Я не был в состоянии встретиться с Леной... Что я ей скажу?.. Чем объясню свое молчание?.. Бежать, бежать, пока она не добралась до меня!.. Руки лихорадочно зашарили по забору, выискивая спасительницу-доску, отодвинули ее, и я стал с трудом протискивать через щель свое с годами подобревшее тело... Выкарабкавшись, я, пока руки устанавливали на место доску, посмотрел вдоль переулка, и взгляд мой впился в одинокую женскую фигуру перед калиткой. Сноп света из окна кухни падал на нее, и я видел: она смотрит на меня. Она прижала ладони к груди, и этот по-женски трогательный жест сказал мне все: она узнала меня, она с радостью убедилась, что я жив. Я оцепенел. И она боялась пошевелиться, чтоб не исчезло видение... И тут Лена сорвалась с места.
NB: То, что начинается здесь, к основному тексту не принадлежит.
(** a compact set moves a point with open stabilizer to finitely many points:
    K is covered by finitely many cosets k Stab(b) *)
Lemma orbit_fin (G : TopGroup) (Om : Type) (act : G -> Om -> Om) (K : G -> Prop) (b : Om) :
  is_action act -> compact_set K -> tg_open (stabilizer act b) ->
  finite_pred (fun p => exists k, K k /\ act k b = p).
Proof.
move=> Hact HK Ho.
pose coset := fun k x => stabilizer act b (tg_mul (tg_inv k) x).
pose F := fun U : G -> Prop => exists k, K k /\ U = coset k.
have oF : forall U, F U -> tg_open U by move=> U [k [_ ->]]; apply: open_transl.
have cov : forall k, K k -> exists U, F U /\ U k.
  move=> k Kk; exists (coset k); split; first by exists k.
  by rewrite /coset /stabilizer tg_mulVg; case: Hact.
have [s [Hs1 Hs2]] := HK F oF cov.
have Hc : forall U, List.In U s -> exists p, forall x, U x -> act x b = p.
  move=> U /Hs1 [k [_ ->]]; exists (act k b) => x; rewrite /coset /stabilizer => Hx.
  by rewrite -{1}(gmulK k x); case: (Hact) => _ ->; rewrite Hx.
have [L [H1 _]] := @list_choice _ _ (fun U p => forall x, U x -> act x b = p) s Hc.
exists L => _ [k [Kk <-]]; have [U [sU Uk]] := Hs2 k Kk.
by have [p [Lp Hp]] := H1 U sU; rewrite (Hp k Uk).
Qed.

(** a group acting with a finite orbit whose stabilizer is compact is compact:
    it is a finite union of cosets of that stabilizer *)
Lemma compact_of_orbit_fin (G : TopGroup) (Om : Type) (act : G -> Om -> Om) (w0 : Om) :
  is_action act -> compact_set (stabilizer act w0) ->
  finite_pred (fun p => exists g, act g w0 = p) -> compact_group G.
Proof.
move=> Hact HK [P HP].
have Hc : forall p, List.In p P ->
    exists K : G -> Prop, compact_set K /\ forall x, act x w0 = p -> K x.
  move=> p _; case: (classic (exists g, act g w0 = p)) => [[g Hg]|Hn].
    exists (fun x => stabilizer act w0 (tg_mul (tg_inv g) x)); split.
      exact: compact_transl.
    move=> x Hx; rewrite /stabilizer; case: (Hact) => _ ->; rewrite Hx -Hg.
    exact: actKV.
  exists (fun _ => False); split; last by move=> x Hx; apply: Hn; exists x.
  by move=> F _ _; exists nil; split=> // ? [].
have [Ks [H1 H2]] :=
  @list_choice _ _ (fun p K => compact_set K /\ forall x, act x w0 = p -> K x) P Hc.
have HU : compact_set (fun x => exists K, List.In K Ks /\ K x).
  by apply: compact_fin_union => K /H2 [p [_ []]].
move=> F oF cov; have [s [Hs1 Hs2]] := HU F oF (fun x _ => cov x I).
exists s; split=> // x _; apply: Hs2.
have [K [iK [_ HK']]] := H1 _ (HP _ (ex_intro _ x erefl)).
by exists K; split=> //; apply: HK'.
Qed.

(** the points t = h.b for the elements h sending a to u form a finite set:
    such h make up a coset h0 Stab(a), which is compact *)
Lemma transporter_orbit_fin (G : TopGroup) (Om : Type) (act : G -> Om -> Om) (a b u : Om) :
  is_action act -> compact_set (stabilizer act a) -> tg_open (stabilizer act b) ->
  finite_pred (fun t => exists h, act h a = u /\ act h b = t).
Proof.
move=> Hact Hca Hob.
case: (classic (exists h0, act h0 a = u)) => [[h0 Hh0]|Hn]; last first.
  by exists nil => t [h [Hh _]]; case: Hn; exists h.
have [L0 HL0] := orbit_fin Hact Hca Hob.
exists (List.map (act h0) L0) => _ [h [Hh <-]].
have Hk : stabilizer act a (tg_mul (tg_inv h0) h).
  by rewrite /stabilizer; case: (Hact) => _ ->; rewrite Hh -Hh0 actKV.
move: (HL0 _ (ex_intro _ _ (conj Hk erefl))) => /(List.in_map (act h0)).
by case: (Hact) => _ <-; rewrite gmulK.
Qed.

Lemma pmod_zero_on (G : TopGroup) (Om : eqType) (act : G -> Om -> Om) (D : Om -> Prop) h f :
  is_action act ->
  zero_on D (pmod_act act h f) = pmod_act act h (zero_on (fun w => D (act h w)) f).
Proof.
move=> Hact; apply: functional_extensionality => w.
by rewrite /zero_on /pmod_act (actK _ _ Hact).
Qed.

Lemma delta_act (G : TopGroup) (Om : eqType) (act : G -> Om -> Om) h v :
  is_action act -> delta (act h v) = pmod_act act h (delta v).
Proof.
move=> Hact; apply: functional_extensionality => w; rewrite /delta /pmod_act.
case: (w =P act h v) => [->|ne]; first by rewrite actKV // eqxx.
by case: (act (tg_inv h) w =P v) => // E; case: ne; rewrite -E actK.
Qed.

Fixpoint ball (Om : Type) (adj : Om -> Om -> Prop) (w0 : Om) (n : nat) : Om -> Prop :=
  match n with
  | 0 => fun u => u = w0
  | n'.+1 => fun u => ball adj w0 n' u \/ exists u', ball adj w0 n' u' /\ adj u' u
  end.

Lemma ball_mono (Om : Type) (adj : Om -> Om -> Prop) w0 m n u :
  (m <= n)%N -> ball adj w0 m u -> ball adj w0 n u.
Proof.
elim: n => [|n IH]; first by rewrite leqn0 => /eqP ->.
by rewrite leq_eqVlt => /orP[/eqP -> //|]; rewrite ltnS => /IH h /h hb /=; left.
Qed.

Lemma ball_fin (Om : Type) (adj : Om -> Om -> Prop) w0 :
  (forall u, finite_pred (adj u)) -> forall n, finite_pred (ball adj w0 n).
Proof.
move=> Hl; elim=> [|n [L HL]]; first by exists (w0 :: nil) => u ->; left.
have [L' HL'] := finite_bigcup (l := L) (fun a _ => Hl a).
exists (L ++ L') => u [/HL h|[u' [/HL h1 h2]]]; apply: List.in_or_app; first by left.
by right; apply: HL'; exists u'.
Qed.

Lemma sum_one_nonzero (a : nat -> rat) (W : rat) (N : nat) :
  0 <= W -> (forall k, `|a k| <= W) ->
  (forall k k', (k < k')%N -> a k = 0 \/ a k' = 0) ->
  `|\sum_(k < N) a k| <= W.
Proof.
move=> W0 Hb Hp; elim: N => [|N IH]; first by rewrite big_ord0 normr0.
rewrite big_ord_recr /=; case: (a N =P 0) => [->|ne]; first by rewrite addr0.
by rewrite big1 ?add0r // => k _; case: (Hp k N (ltn_ord k)).
Qed.

Lemma le_sum_In (T : Type) (f : T -> rat) (l : list T) x :
  (forall y, 0 <= f y) -> List.In x l -> f x <= \sum_(y <- l) f y.
Proof.
move=> H0; elim: l => //= y l IH [->|h]; rewrite big_cons.
  by rewrite lerDl; apply: sumr_ge0.
by apply: le_trans (IH h) _; rewrite lerDr.
Qed.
Она не бежала — она летела, точно боясь, что мне вдруг взбредет в голову нелепая мысль вновь исчезнуть... Я шагнул ей навстречу... И мы застыли посреди переулка. Мы не обнялись, не протянули друг другу руки. Она всматривалась в меня и, увидев, как я изменился, внутренне ахнула. Я смотрел на нее, она жадно — на меня, и оба молчали. Каждый из нас выжидал, что скажет и сделает другой. Наконец она медленно приблизилась и молча прижалась головой к моей груди. Она делала это не один раз, не одну сотню раз. Тысячу раз. Во сне. Вот почему так покойно положила голову мне на грудь, отрешенно, не боясь ни случайных взглядов, ни моей реакции.

— Я рад за тебя и Бориса, — сказал я, впервые за многие годы, кажется, назвав Кетоева по имени.

— Мы поженились не сразу, мы ждали окончания войны, — сообщила она.

— Знаю! — вырвалось у меня, и, поняв, что выдал себя, я замолчал.

Ее руки, гладившие юбку на коленях, задрожали...

— Я вышла не по любви, — вдруг заявила она.

Кто скажет, что надо и что не надо говорить любимой женщине после долгой разлуки? Кто знает, как она ответит на твой даже невинный вопрос? Для меня поведение Лены было неожиданным. Она улыбнулась. Да, улыбнулась. Не кротко, не сквозь слезы.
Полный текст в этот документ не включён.